## Given entries
(* For every composition $\alpha$ and all $a,b\in\mathbb C$, $\omega(\widehat{\mathcal B}(a,b)_\alpha)=\widehat{\mathcal B}(-a,a+b)_{\alpha^r}$.
   Context: $\mathsf{NSym}$ is the algebra of noncommutative symmetric functions over $\mathbb C$ with basis $H_\alpha=H_{\alpha_1}\cdots H_{\alpha_l}$; $\Lambda_n=\sum_{\beta}(-1)^{n-\ell(\beta)}H_\beta$ (sum over compositions $\beta$ of $n$) and $\Lambda_\alpha=\Lambda_{\alpha_1}\cdots\Lambda_{\alpha_l}$. $\omega:\mathsf{NSym}\to\mathsf{NSym}$ is the involutive algebra anti-automorphism with $\omega(H_\alpha)=\Lambda_{\alpha^r}$, where $\alpha^r=(\alpha_l,\dots,\alpha_1)$. For a composition $\alpha$ of $n$, $\mathrm{set}(\alpha)=\{\alpha_1,\alpha_1+\alpha_2,\dots,\alpha_1+\dots+\alpha_{l-1}\}$, $\ell(\alpha)=l$, and $\beta\preceq\alpha$ means $\mathrm{set}(\alpha)\subseteq\mathrm{set}(\beta)$. Define $\widehat{\mathcal B}(a,b)_\alpha=\sum_{\beta\preceq\alpha}a^{n-\ell(\beta)}b^{\ell(\beta)-\ell(\alpha)}H_\beta$ (convention $0^0=1$), and $\widehat{\mathcal B}(a,b)$ of the empty composition is $1$. *)

From HB Require Import structures.
From mathcomp Require Import all_boot all_order all_algebra.
From mathcomp Require Import complex.
From mathcomp Require Import reals.
Set Implicit Arguments. Unset Strict Implicit. Unset Printing Implicit Defensive.
Import Order.TTheory GRing.Theory Num.Theory.
Local Open Scope ring_scope.

Definition is_comp (n : nat) (c : seq nat) : bool :=
  all (fun k => (0 < k)%N) c && (sumn c == n).

Fixpoint seqs_len (l n : nat) : seq (seq nat) :=
  match l with
  | 0 => [:: [::]]
  | l'.+1 => [seq x :: s | x <- iota 1 n, s <- seqs_len l' n]
  end.

Definition comps (n : nat) : seq (seq nat) :=
  [seq c <- flatten [seq seqs_len l n | l <- iota 0 n.+1] | is_comp n c].

Definition setc (al : seq nat) : seq nat :=
  [seq sumn (take i al) | i <- iota 1 (size al).-1].

(* beta ⪯ alpha  iff  set(alpha) ⊆ set(beta) *)
Definition refines (be al : seq nat) : bool :=
  all (fun s => s \in setc be) (setc al).

(* An element of NSym is represented by a finite formal sum  sum_i c_i H_{beta_i},
   i.e. a list of pairs (c_i, beta_i); two representations denote the same
   element iff they have the same coefficient on every basis element H_beta. *)
Section NSym.
Variable C : comNzRingType.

## Exercise objective
Each line from the first line of the entries up to and including the line containing "From mathcomp Require Import complex." should be transcribed exactly, with all other lines left out.

## Response to this exercise
(* For every composition $\alpha$ and all $a,b\in\mathbb C$, $\omega(\widehat{\mathcal B}(a,b)_\alpha)=\widehat{\mathcal B}(-a,a+b)_{\alpha^r}$.
   Context: $\mathsf{NSym}$ is the algebra of noncommutative symmetric functions over $\mathbb C$ with basis $H_\alpha=H_{\alpha_1}\cdots H_{\alpha_l}$; $\Lambda_n=\sum_{\beta}(-1)^{n-\ell(\beta)}H_\beta$ (sum over compositions $\beta$ of $n$) and $\Lambda_\alpha=\Lambda_{\alpha_1}\cdots\Lambda_{\alpha_l}$. $\omega:\mathsf{NSym}\to\mathsf{NSym}$ is the involutive algebra anti-automorphism with $\omega(H_\alpha)=\Lambda_{\alpha^r}$, where $\alpha^r=(\alpha_l,\dots,\alpha_1)$. For a composition $\alpha$ of $n$, $\mathrm{set}(\alpha)=\{\alpha_1,\alpha_1+\alpha_2,\dots,\alpha_1+\dots+\alpha_{l-1}\}$, $\ell(\alpha)=l$, and $\beta\preceq\alpha$ means $\mathrm{set}(\alpha)\subseteq\mathrm{set}(\beta)$. Define $\widehat{\mathcal B}(a,b)_\alpha=\sum_{\beta\preceq\alpha}a^{n-\ell(\beta)}b^{\ell(\beta)-\ell(\alpha)}H_\beta$ (convention $0^0=1$), and $\widehat{\mathcal B}(a,b)$ of the empty composition is $1$. *)

From HB Require Import structures.
From mathcomp Require Import all_boot all_order all_algebra.
From mathcomp Require Import complex.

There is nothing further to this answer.